I sistemi di identificazione possono condurre a sorveglianza, tracciabilità e profilazione da parte di stati e società private, giungendo al paradosso di escludere piuttosto che includere; possono limitare le opportunità e diventare uno strumento di controllo e repressione. Senza un’adeguata considerazione, l’SDG 16.9 potrebbe avere risvolti anche dannosi per i diritti umani e, in definitiva, danneggiare le stesse persone che avrebbe dovuto aiutare.
Tutti questi aspetti incrementano le possibilità di ledere in modo anche significativo i diritti umani, limitando la libertà delle persone, danneggiandone la dignità e sottoponendole a pericolose situazioni discriminatorie.
Se si riflette poi sui processi di innovazione e digitalizzazione in corso, per esempio nel mondo della sanità, dove visite ed operazioni chirurgiche si eseguono attraverso una connessione wi-fi, per comprendere che è a rischio persino la vita delle persone in assenza di adeguati strumenti di presidio dell’identità digitale.

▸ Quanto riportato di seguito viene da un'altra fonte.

(* Let $P=P_1\cup P_2$ be a finite set of points in the plane with $P$ generic, such that $P_1$ is contained in a disk of radius $1$ centered at a point $o$, and every point $a\in P_2$ satisfies $|oa|>3$ and lies in a fixed wedge with apex $o$ and angle $3.6^\circ$. Then $T_P$ contains exactly one edge connecting a point of $P_1$ to a point of $P_2$ (i.e., only one such edge).
   Context: A finite planar point set is generic if no three of its points are collinear and every subset has a unique Euclidean minimum spanning tree (MST); $T_P$ denotes the MST of $P$. $|uv|$ is the Euclidean distance. *)

From mathcomp Require Import all_boot all_order all_algebra.
From mathcomp Require Import reals trigo.
Set Implicit Arguments. Unset Strict Implicit. Unset Printing Implicit Defensive.
Import Order.TTheory GRing.Theory Num.Theory.
Local Open Scope ring_scope.

Definition point (R : realType) := (R * R)%type.

Definition dist (R : realType) (a b : point R) : R :=
  Num.sqrt ((a.1 - b.1) ^+ 2 + (a.2 - b.2) ^+ 2).

Definition collinear (R : realType) (a b c : point R) : Prop :=
  (b.1 - a.1) * (c.2 - a.2) - (b.2 - a.2) * (c.1 - a.1) = 0.

(* A finite point set P is given as an injective enumeration p : 'I_n -> point R;
   subsets of P are subsets S : {set 'I_n}; an (undirected) edge is a 2-element
   set of indices, a graph is a set of edges. *)

Definition edges_within n (S : {set 'I_n}) (E : {set {set 'I_n}}) : Prop :=
  forall e, e \in E -> e \subset S /\ #|e| = 2.

Definition adj n (E : {set {set 'I_n}}) : rel 'I_n :=
  fun i j => [set i; j] \in E.

Definition connected_on n (S : {set 'I_n}) (E : {set {set 'I_n}}) : Prop :=
  forall i j, i \in S -> j \in S -> connect (adj E) i j.

Definition acyclic n (E : {set {set 'I_n}}) : Prop :=
  forall i j, [set i; j] \in E -> ~~ connect (adj (E :\ [set i; j])) i j.

Definition spanning_tree n (S : {set 'I_n}) (E : {set {set 'I_n}}) : Prop :=
  [/\ edges_within S E, connected_on S E & acyclic E].

(* Length of an edge e = {i, j}: (d(i,i)+d(i,j)+d(j,i)+d(j,j))/2 = |p_i p_j|. *)
Definition edge_len (R : realType) n (p : 'I_n -> point R) (e : {set 'I_n}) : R :=
  (\sum_(i in e) \sum_(j in e) dist (p i) (p j)) / 2.

Definition weight (R : realType) n (p : 'I_n -> point R) (E : {set {set 'I_n}}) : R :=
  \sum_(e in E) edge_len p e.

Definition is_MST (R : realType) n (p : 'I_n -> point R) (S : {set 'I_n})
  (E : {set {set 'I_n}}) : Prop :=
  spanning_tree S E /\
  forall E', spanning_tree S E' -> weight p E <= weight p E'.

Definition unique_MST (R : realType) n (p : 'I_n -> point R) (S : {set 'I_n}) : Prop :=
  exists E, is_MST p S E /\ forall E', is_MST p S E' -> E' = E.

Definition generic (R : realType) n (p : 'I_n -> point R) : Prop :=
  [/\ injective p,
      (forall i j k : 'I_n, i != j -> j != k -> i != k ->
         ~ collinear (p i) (p j) (p k))
    & forall S : {set 'I_n}, unique_MST p S].

Definition in_wedge (R : realType) (o : point R) (theta0 alpha : R) (a : point R) : Prop :=
  exists r phi : R, [/\ 0 <= r, theta0 <= phi <= theta0 + alpha &
    a = (o.1 + r * cos phi, o.2 + r * sin phi)].

Definition crossing n (A B : {set 'I_n}) (e : {set 'I_n}) : bool :=
  [exists i in A, exists j in B, e == [set i; j]].

From mathcomp Require Import all_boot all_order all_algebra.
From mathcomp Require Import reals trigo.
From mathcomp Require Import ring lra.
Import Order.TTheory GRing.Theory Num.Theory.
Local Open Scope ring_scope.

(* Points of P1 are at distance at most 2 from each other, while every
   P1-P2 edge is longer than 2.  By the cut property, deleting a crossing
   edge ab from the MST therefore leaves all of P1 on the side of a.  If a'b'
   were a second crossing edge, b' would lie on that side too, and exchanging
   ab for bb' gives |ab| <= |bb'|; symmetrically |a'b'| <= |bb'|.  But for
   b, b' in a wedge of angle at most pi/8 beyond radius 3 with |ob| <= |ob'|,
   the law of cosines gives |bb'| < |ob'| - 1 <= |a'b'|. *)

Section EuclideanPlane.
Context {R : realType}.
Implicit Types (x y z o : point R) (r s phi psi : R).

Lemma distC x y : dist x y = dist y x.
Proof. by rewrite /dist (sqrrB x.1) (sqrrB y.1) (sqrrB x.2) (sqrrB y.2); congr Num.sqrt; lra. Qed.

Lemma dist_xx x : dist x x = 0.
Proof. by rewrite /dist !subrr expr0n /= addr0 sqrtr0. Qed.

Lemma cauchy_schwarz2 (a1 a2 b1 b2 : R) :
  a1 * b1 + a2 * b2 <= Num.sqrt (a1 ^+ 2 + a2 ^+ 2) * Num.sqrt (b1 ^+ 2 + b2 ^+ 2).
Proof.
rewrite -sqrtrM ?addr_ge0 ?sqr_ge0 //; apply: le_trans (ler_norm _) _.
rewrite -sqrtr_sqr ler_sqrt ?mulr_ge0 ?addr_ge0 ?sqr_ge0 // -subr_ge0.
have -> : (a1 ^+ 2 + a2 ^+ 2) * (b1 ^+ 2 + b2 ^+ 2) - (a1 * b1 + a2 * b2) ^+ 2
          = (a1 * b2 - a2 * b1) ^+ 2 by ring.
exact: sqr_ge0.
Qed.

Lemma sqrt_sumsqr_triangle (a1 a2 b1 b2 : R) :
  Num.sqrt ((a1 + b1) ^+ 2 + (a2 + b2) ^+ 2) <=
  Num.sqrt (a1 ^+ 2 + a2 ^+ 2) + Num.sqrt (b1 ^+ 2 + b2 ^+ 2).
Proof.
rewrite -(ger0_norm (addr_ge0 (sqrtr_ge0 _) (sqrtr_ge0 _))) -sqrtr_sqr.
rewrite ler_sqrt ?sqr_ge0 // !sqrrD !sqr_sqrtr ?addr_ge0 ?sqr_ge0 //.
have := cauchy_schwarz2 a1 a2 b1 b2; lra.
Qed.

Lemma dist_triangle x y z : dist x z <= dist x y + dist y z.
Proof.
have -> : dist x z = Num.sqrt (((x.1 - y.1) + (y.1 - z.1)) ^+ 2 + ((x.2 - y.2) + (y.2 - z.2)) ^+ 2).
  by rewrite /dist !subrKA.
exact: sqrt_sumsqr_triangle.
Qed.

Lemma edge_len_set2 n (p : 'I_n -> point R) i j :
  i != j -> edge_len p [set i; j] = dist (p i) (p j).
Proof.
move=> ij; have ij' : i \notin [set j] by rewrite inE.
rewrite /edge_len big_setU1 // big_set1 !big_setU1 // !big_set1 !dist_xx.
rewrite (distC (p j)) /=; lra.
Qed.

Definition polar o r phi : point R := (o.1 + r * cos phi, o.2 + r * sin phi).

Lemma dist_center_polar o r phi : 0 <= r -> dist o (polar o r phi) = r.
Proof.
move=> r_ge0; rewrite /dist /=.
have -> : (o.1 - (o.1 + r * cos phi)) ^+ 2 + (o.2 - (o.2 + r * sin phi)) ^+ 2
          = r ^+ 2 * (cos phi ^+ 2 + sin phi ^+ 2) by ring.
by rewrite cos2Dsin2 mulr1 sqrtr_sqr ger0_norm.
Qed.

Lemma dist_polar o r s phi psi :
  dist (polar o r phi) (polar o s psi) =
  Num.sqrt (r ^+ 2 + s ^+ 2 - 2 * r * s * cos (phi - psi)).
Proof.
rewrite /dist /= cosB; congr Num.sqrt.
have := cos2Dsin2 phi; have := cos2Dsin2 psi.
move=> /(congr1 (fun t => s ^+ 2 * t)) hs /(congr1 (fun t => r ^+ 2 * t)) hr.
rewrite !mulr1 in hr hs; rewrite -[in RHS]hr -[in RHS]hs; ring.
Qed.

Lemma cos_pi8_ge : 9 / 10 <= cos (pi / 8 : R).
Proof.
have pi_gt0 : (0 : R) < pi := pi_gt0 R.
have cos_half (t : R) : cos (t *+ 2) = cos t ^+ 2 * 2 - 1 by rewrite cos_mulr2n mulr_natr.
have c8_gt0 : 0 < cos (pi / 8 : R) by apply: cos_gt0_pihalf; apply/andP; split; lra.
have c4 : cos (pi / 4 : R) ^+ 2 * 2 - 1 = 0.
  by rewrite -cos_half -cos_pihalf mulr2n; congr cos; lra.
have c8 : cos (pi / 8 : R) ^+ 2 * 2 - 1 = cos (pi / 4).
  by rewrite -cos_half mulr2n; congr cos; lra.
have c4_gt0 : 0 < cos (pi / 4 : R) by apply: cos_gt0_pihalf; apply/andP; split; lra.
have c4_ge : 7 / 10 <= cos (pi / 4 : R) by nra.
nra.
Qed.

Lemma cos_ge_9_10 (d : R) : `|d| <= pi / 8 -> 9 / 10 <= cos d.
Proof.
move=> d_le; have pi_gt0 : (0 : R) < pi := pi_gt0 R; have d_ge0 := normr_ge0 d.
rewrite -cos_norm; apply: le_trans cos_pi8_ge _.
move: d_le; rewrite le_eqVlt => /orP[/eqP -> // | d_lt].
by apply/ltW; rewrite ltr_cos //; rewrite in_itv /=; apply/andP; split; lra.
Qed.

Lemma far_cosine_law_lt r s c : 3 < r -> r <= s -> 9 / 10 <= c ->
  r ^+ 2 + s ^+ 2 - 2 * r * s * c < (s - 1) ^+ 2.
Proof.
(* For c = 9/10 the gap is 2 (s - r) (9r/10 - 1) + r (8r/10 - 2) + 1 > 0. *)
move=> r_gt3 r_le_s c_ge.
have rs_c : 9 / 10 * (r * s) <= r * s * c by rewrite [_ * c]mulrC ler_wpM2r //; nra.
have : 0 <= (s - r) * (9 / 10 * r - 1) by apply: mulr_ge0; lra.
have : 0 < r * (8 / 10 * r - 2) by apply: mulr_gt0; lra.
nra.
Qed.

Lemma in_wedge_dist_lt {o theta0 alpha b b'} : alpha <= pi / 8 ->
  in_wedge o theta0 alpha b -> in_wedge o theta0 alpha b' ->
  3 < dist o b -> dist o b <= dist o b' -> dist b b' < dist o b' - 1.
Proof.
move=> alpha_le [r [phi [r_ge0 /andP[phi_ge phi_le] ->]]].
move=> [s [psi [s_ge0 /andP[psi_ge psi_le] ->]]].
rewrite !dist_center_polar // dist_polar => r_gt3 r_le_s.
have s1_gt0 : 0 < s - 1 by lra.
rewrite -(gtr0_norm s1_gt0) -sqrtr_sqr ltr_sqrt ?exprn_gt0 //.
apply: far_cosine_law_lt => //; apply: cos_ge_9_10.
by rewrite ler_norml; apply/andP; split; lra.
Qed.

End EuclideanPlane.

Section Forests.
Context {n : nat}.
Implicit Types (E F T : {set {set 'I_n}}) (S A : {set 'I_n}) (a b u v i j : 'I_n).

Lemma adj_sym E : symmetric (adj E).
Proof. by move=> i j; rewrite /adj setUC. Qed.

Lemma connect_adj_sym E : connect_sym (adj E).
Proof. exact/sym_connect_sym/adj_sym. Qed.

Lemma connect_adj_sub {E F} : E \subset F -> subrel (connect (adj E)) (connect (adj F)).
Proof.
by move=> sEF; apply: connect_sub => i j ij; apply: connect1; rewrite /adj (subsetP sEF).
Qed.

Local Notation connect_off E a b := (connect (adj (E :\ [set a; b]))).

Lemma connect_setD1_edge {E} a b {i j} : connect (adj E) i j ->
  [\/ connect_off E a b i j,
       connect_off E a b i a /\ connect_off E a b b j
     | connect_off E a b i b /\ connect_off E a b a j].
Proof.
have C_trans := @connect_trans _ (adj (E :\ [set a; b])).
case/connectP => s; elim: s i => [|k s IH] i /= => [_ -> | /andP[ik ks] j_last].
  by constructor 1; apply: connect0.
have [Cik | nCik] := boolP (connect_off E a b i k).
  case: (IH k ks j_last) => [Ckj | [Cka Cbj] | [Ckb Caj]].
  - by constructor 1; apply: C_trans Ckj.
  - by constructor 2; split=> //; apply: C_trans Cka.
  - by constructor 3; split=> //; apply: C_trans Ckb.
have ik_ab : [set i; k] = [set a; b].
  apply/eqP; apply: contraNT nCik => ik_ab; apply: connect1.
  by rewrite /adj !inE ik_ab.
have i_ab : i \in [set a; b] by rewrite -ik_ab set21.
have k_ab : k \in [set a; b] by rewrite -ik_ab set22.
move: nCik (IH k ks j_last); case/set2P: i_ab => ->; case/set2P: k_ab => ->;
  rewrite ?connect0 //= => _.
- by case=> [Cbj | [_ Cbj] | [_ Caj]]; [constructor 2 | constructor 2 | constructor 1].
- by case=> [Caj | [_ Cbj] | [_ Caj]]; [constructor 3 | constructor 1 | constructor 3].
Qed.

Lemma connect_cross_edge {E A i j} : connect (adj E) i j -> i \in A -> j \notin A ->
  exists i' j', [/\ i' \in A, j' \notin A & [set i'; j'] \in E].
Proof.
case/connectP => s; elim: s i => [|k s IH] i /= => [_ -> -> // | /andP[ik ks] j_last iA jA].
have [kA | kA] := boolP (k \in A); first exact: IH kA jA.
by exists i, k.
Qed.

Lemma acyclic_sub E F : F \subset E -> acyclic E -> acyclic F.
Proof.
move=> sFE acE i j ijF; apply: contra (acE i j (subsetP sFE _ ijF)).
by apply: connect_adj_sub; apply: setSD.
Qed.

Lemma acyclic_setU1_edge E u v :
  acyclic E -> ~~ connect (adj E) u v -> acyclic ([set u; v] |: E).
Proof.
move=> acE nuv i j; have uv_sym := connect_adj_sym E.
have [ij_uv _ | ij_uv] := eqVneq [set i; j] [set u; v].
  have sub : ([set u; v] |: E) :\ [set i; j] \subset E.
    by apply/subsetP => e; rewrite !inE ij_uv => /andP[/negbTE-> /=].
  apply: contra nuv => /(connect_adj_sub sub) Cij.
  have u_ij : u \in [set i; j] by rewrite ij_uv set21.
  have v_ij : v \in [set i; j] by rewrite ij_uv set22.
  by case/set2P: u_ij => ->; case/set2P: v_ij => ->; rewrite ?connect0 // uv_sym.
rewrite in_setU1 (negbTE ij_uv) /= => ijE; apply/negP => Cij.
have sub : (([set u; v] |: E) :\ [set i; j]) :\ [set u; v] \subset E :\ [set i; j].
  by apply/subsetP => e; rewrite !inE => /and3P[/negbTE-> -> /=].
have lift := connect_adj_sub (subset_trans sub (subD1set E [set i; j])).
have ij1 : connect (adj E) i j by apply: connect1.
case: (connect_setD1_edge u v Cij) => [/(connect_adj_sub sub) | [iu vj] | [iv uj]].
- by apply/negP; apply: acE.
- move/negP: nuv; apply; rewrite uv_sym; rewrite uv_sym in ij1.
  exact: connect_trans (lift _ _ vj) (connect_trans ij1 (lift _ _ iu)).
- move/negP: nuv; apply; rewrite uv_sym in ij1.
  exact: connect_trans (lift _ _ uj) (connect_trans ij1 (lift _ _ iv)).
Qed.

Ecco perché il GDPR è uno strumento che è considerato un presidio fondamentale nel perseguimento dei diritti umani, all’interno dei quali il bene tutelato cambia prospettiva: il diritto alla privacy passa da mera protezione del dato personale, al più ampio concetto di tutela e protezione dell’identità digitale.
Questo concetto non può essere sottovalutato, le sanzioni applicabili, le attività rivolte alla protezione del diritto alla privacy sono strumenti che svolgono una funzione di tutela del business, ma devono andare oltre.
L’adozione di misure tecniche ed organizzative così pretese dal Regolamento, deve essere affidata a meccanismi molto solidi di valutazione d’impatto sui diritti e le libertà delle persone e dei rischi per gli interessati.
Questo processo richiede competenza tecnica e legale. La compliance al GDPR diventa un presidio sui diritti delle persone e un generatore di valore immateriale per l’azienda che aspira al dovuto rispetto dei diritti delle persone, indistintamente dal ruolo che ricoprano nella società. Il concetto del valore si allarga a metriche di natura non soltanto economica, ma di valutazione del ricavo sugli investimenti anche in ambito di tutela dei dati personali.